In conferences prior to the preliminary hearing with attorneys from both sides, Gannett limited the amount and type of evidence the prosecution would be allowed to present, saying some of it was not relevant for the purposes of a preliminary hearing. Gannett said he did not want to admit videotaped statements by the alleged victim and an audio taped session taken during Bryant’s initial questioning with sheriff’s investigators.

And what about defense witnesses?

Flannigan said their office has been told there won’t be any, but that may not be the final word.

“They can change their minds at any time and they don’t have to tell us,” said Flannigan. “The rules are different for the defense than for the prosecution, and they’re also different for a preliminary hearing than a trial for many things.”

During the preliminary hearing, District Attorney Mark Hurlbert and his team, Gregg Crittenden and Ingrid Bakke, are trying to convince Gannett that it’s probable a crime was committed, and that Bryant could have committed it.

After hearing that evidence and the cross examination from defense attorneys, Gannett will decide whether Bryant will stand trial. Gannett has issued no timetable for his ruling.

As for today’s scheduled preliminary hearing, if it were a baseball game it would be in the middle of the seventh inning stretch.

“The defense finishes their cross examination, and that’s it,” said Flannigan. “No one can predict how long that will take.”

No one can predict, either, how much of today’s preliminary hearing will be open to the press and public. Bryant’s defense attorneys have asked repeatedly that the proceedings be closed. Prosecutors also asked Gannett to close portions of today’s hearings. Their request came on the heels of a question by Mackey during cross examination asking Eagle County Sheriff’s Detective Doug Winters whether the alleged victim’s injuries could have been the result of the woman having sex with three men in three days.

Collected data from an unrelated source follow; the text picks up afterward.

Definition arc418 : seq code3 := [::
  (1,0,1); (1,0,3); (1,0,5); (1,0,7); (1,0,8); (1,0,10); (1,0,11); (1,0,12);
  (1,0,14); (1,0,15); (1,0,16); (1,0,19); (1,0,20); (1,0,22); (1,0,23); (1,0,24);
  (1,1,1); (1,1,4); (1,1,6); (1,1,8); (1,1,9); (1,1,10); (1,1,11); (1,1,12);
  (1,1,13); (1,1,15); (1,1,16); (1,1,17); (1,1,20); (1,1,21); (1,1,23); (1,1,24);
  (1,2,3); (1,2,6); (1,2,7); (1,2,8); (1,2,9); (1,2,10); (1,2,11); (1,2,13);
  (1,2,14); (1,2,15); (1,2,16); (1,2,18); (1,2,19); (1,2,21); (1,2,22); (1,2,23);
  (1,2,24); (1,3,2); (1,3,4); (1,3,6); (1,3,7); (1,3,8); (1,3,9); (1,3,10);
  (1,3,13); (1,3,14); (1,3,15); (1,3,16); (1,3,18); (1,3,19); (1,3,21); (1,3,22);
  (1,3,24); (1,4,2); (1,4,4); (1,4,5); (1,4,6); (1,4,8); (1,4,9); (1,4,10);
  (1,4,11); (1,4,12); (1,4,15); (1,4,16); (1,4,17); (1,4,18); (1,4,21); (1,4,23);
  (1,4,24); (1,5,1); (1,5,5); (1,5,7); (1,5,9); (1,5,11); (1,5,12); (1,5,13);
  (1,5,16); (1,5,17); (1,5,18); (1,5,20); (1,5,21); (1,5,22); (1,5,24); (1,6,2);
  (1,6,3); (1,6,4); (1,6,5); (1,6,6); (1,6,7); (1,6,8); (1,6,11); (1,6,13);
  (1,6,14); (1,6,15); (1,6,16); (1,6,18); (1,6,20); (1,6,22); (1,6,23); (1,6,24);
  (1,7,1); (1,7,3); (1,7,4); (1,7,5); (1,7,6); (1,7,7); (1,7,10); (1,7,11);
  (1,7,12); (1,7,16); (1,7,18); (1,7,19); (1,7,22); (1,8,1); (1,8,3); (1,8,4);
  (1,8,6); (1,8,7); (1,8,9); (1,8,10); (1,8,11); (1,8,13); (1,8,14); (1,8,15);
  (1,8,16); (1,8,17); (1,8,20); (1,8,21); (1,8,22); (1,8,23); (1,9,2); (1,9,3);
  (1,9,4); (1,9,7); (1,9,8); (1,9,9); (1,9,10); (1,9,11); (1,9,13); (1,9,17);
  (1,9,20); (1,9,21); (1,9,22); (1,9,23); (1,10,2); (1,10,3); (1,10,5); (1,10,6);
  (1,10,8); (1,10,11); (1,10,12); (1,10,13); (1,10,14); (1,10,16); (1,10,17); (1,10,18);
  (1,10,19); (1,10,20); (1,10,21); (1,10,23); (1,10,24); (1,11,1); (1,11,2); (1,11,4);
  (1,11,5); (1,11,8); (1,11,9); (1,11,10); (1,11,12); (1,11,13); (1,11,14); (1,11,15);
  (1,11,16); (1,11,17); (1,11,19); (1,11,20); (1,11,21); (1,11,24); (1,12,1); (1,12,2);
  (1,12,3); (1,12,6); (1,12,7); (1,12,8); (1,12,10); (1,12,12); (1,12,13); (1,12,14);
  (1,12,16); (1,12,18); (1,12,19); (1,12,20); (1,12,22); (1,12,23); (1,12,24); (1,13,1);
  (1,13,2); (1,13,3); (1,13,5); (1,13,7); (1,13,9); (1,13,12); (1,13,13); (1,13,14);
  (1,13,15); (1,13,17); (1,13,18); (1,13,19); (1,13,20); (1,13,21); (1,13,22); (1,13,23);
  (1,14,1); (1,14,2); (1,14,4); (1,14,8); (1,14,9); (1,14,10); (1,14,11); (1,14,12);
  (1,14,14); (1,14,15); (1,14,17); (1,14,18); (1,14,19); (1,14,20); (1,14,22); (1,14,23);
  (1,14,24); (1,15,1); (1,15,5); (1,15,6); (1,15,7); (1,15,8); (1,15,9); (1,15,10);
  (1,15,11); (1,15,12); (1,15,13); (1,15,14); (1,15,15); (1,15,17); (1,15,18); (1,15,19);
  (1,15,20); (1,15,21); (1,15,23); (1,16,1); (1,16,2); (1,16,3); (1,16,4); (1,16,6);
  (1,16,10); (1,16,11); (1,16,12); (1,16,14); (1,16,15); (1,16,17); (1,16,18); (1,16,19);
  (1,16,20); (1,16,21); (1,16,23); (1,16,24); (1,17,1); (1,17,2); (1,17,3); (1,17,4);
  (1,17,5); (1,17,6); (1,17,7); (1,17,8); (1,17,9); (1,17,15); (1,17,16); (1,17,17);
  (1,17,18); (1,17,19); (1,17,21); (1,17,22); (1,17,23); (1,17,24); (1,18,1); (1,18,2);
  (1,18,3); (1,18,4); (1,18,5); (1,18,6); (1,18,7); (1,18,8); (1,18,10); (1,18,12);
  (1,18,13); (1,18,14); (1,18,19); (1,18,20); (1,18,21); (1,18,22); (1,18,24); (1,19,1);
  (1,19,2); (1,19,4); (1,19,5); (1,19,6); (1,19,8); (1,19,9); (1,19,10); (1,19,11);
  (1,19,12); (1,19,13); (1,19,14); (1,19,15); (1,19,16); (1,19,17); (1,19,18); (1,19,19);
  (1,19,22); (1,20,1); (1,20,2); (1,20,3); (1,20,4); (1,20,5); (1,20,7); (1,20,8);
  (1,20,9); (1,20,11); (1,20,12); (1,20,13); (1,20,16); (1,20,17); (1,20,18); (1,20,20);
  (1,20,22); (1,20,23); (1,20,24); (1,21,1); (1,21,2); (1,21,3); (1,21,4); (1,21,6);
  (1,21,7); (1,21,8); (1,21,9); (1,21,10); (1,21,11); (1,21,13); (1,21,15); (1,21,17);
  (1,21,18); (1,21,19); (1,21,20); (1,21,21); (1,21,23); (1,22,1); (1,22,2); (1,22,3);
  (1,22,4); (1,22,5); (1,22,11); (1,22,12); (1,22,13); (1,22,14); (1,22,15); (1,22,16);
  (1,22,17); (1,22,19); (1,22,20); (1,22,21); (1,22,22); (1,22,24); (1,23,1); (1,23,3);
  (1,23,4); (1,23,5); (1,23,6); (1,23,7); (1,23,9); (1,23,10); (1,23,11); (1,23,12);
  (1,23,14); (1,23,16); (1,23,18); (1,23,19); (1,23,20); (1,23,21); (1,23,22); (1,23,23);
  (1,24,2); (1,24,3); (1,24,4); (1,24,5); (1,24,6); (1,24,8); (1,24,9); (1,24,10);
  (1,24,12); (1,24,13); (1,24,14); (1,24,15); (1,24,16); (1,24,18); (1,24,19); (1,24,22);
  (1,24,23); (1,24,24)].

Lemma arc418_size : size arc418 = 418.
Proof. by vm_compute. Qed.

Lemma arc418_normal : all (mem normal_codes) arc418.
Proof. by vm_compute. Qed.

Lemma arc418_uniq : uniq arc418.
Proof. by vm_compute. Qed.

Lemma arc418_lines_bounded : lines_bounded arc418 18.
Proof. by vm_compute. Qed.

Lemma arc418_full_line :
  (1, 0, 1) \in normal_codes /\ count (code_orth^~ (1, 0, 1)) arc418 = 18.
Proof. by vm_compute. Qed.

Theorem mainTheorem12 (F : finFieldType) (hF : #|F| = 25) :
  (exists B : {set 'M[F]_3}, is_arc 418 18 B) /\ (418 <= m_r F 18)%N.
Proof.
have [w w2] := GF25_sqrt2 hF.
have [c0_normal count_c0] := arc418_full_line.
have := is_arc_codes hF w2 arc418_normal arc418_uniq arc418_lines_bounded
  c0_normal count_c0.
rewrite arc418_size => arcB.
by split; [eexists; exact: arcB | exact: arc_le_m_r arcB].
Qed.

What’s love got to do with it?

Former Denver District Attorney Norm Early blasted Bryant’s assertion that sex between Bryant and his alleged victim was anything other than forced.

“You’ll find it hard to convince me that two loving people flirting with each other consummated their relationship by one bending the other over a chair,” said Early.

Early also took offense at Bryant reportedly asking the alleged victim not to tell, and telling her not to bother because no one would believe her over him. Early said it’s the kind of thing people who sexually assault children tell their victims.

Not so fast, said Silverman.

“”Don’t tell’ could be construed as the kind of thing a rapist might say, but not necessarily,” said Silverman. “When you consider Kobe Bryant’s celebrity and marital status, there could be an alternative explanation.”

Silverman also said he doubted at least part of the explanation that Bryant choked his alleged victim. He pointed out that the Sexual Assault Nurse Examiners report showed no bruises on the throat, only a bruise on the alleged victim’s left jaw about half the size of a penny.

“First we heard about a strangulation expert they were hiring,” said Silverman. “Now it’s one small bruise on the jaw.”

The way Silverman understood the alleged victim said “no” could also be problematic.

“She said “no,’ but it was in a conversational tone,” said Silverman. “Common sense dictates that it would be more assertive than that.”

Cynthia Stone, media coordinator for the Colorado Coalition Against Sexual Assault, said bruises or the lack of them, as well as the lack of an apparent struggle with Bryant, does not mean the alleged victim wasn’t fighting.

“Victims sometimes don’t fight harder because they’re fearful, fearful for their life,” said Stone. “She could have been fearful for her life, or maybe retaliation.”

“She was probably fighting the best way she knew at the time,” said Stone. “It just didn’t happen to be physical.”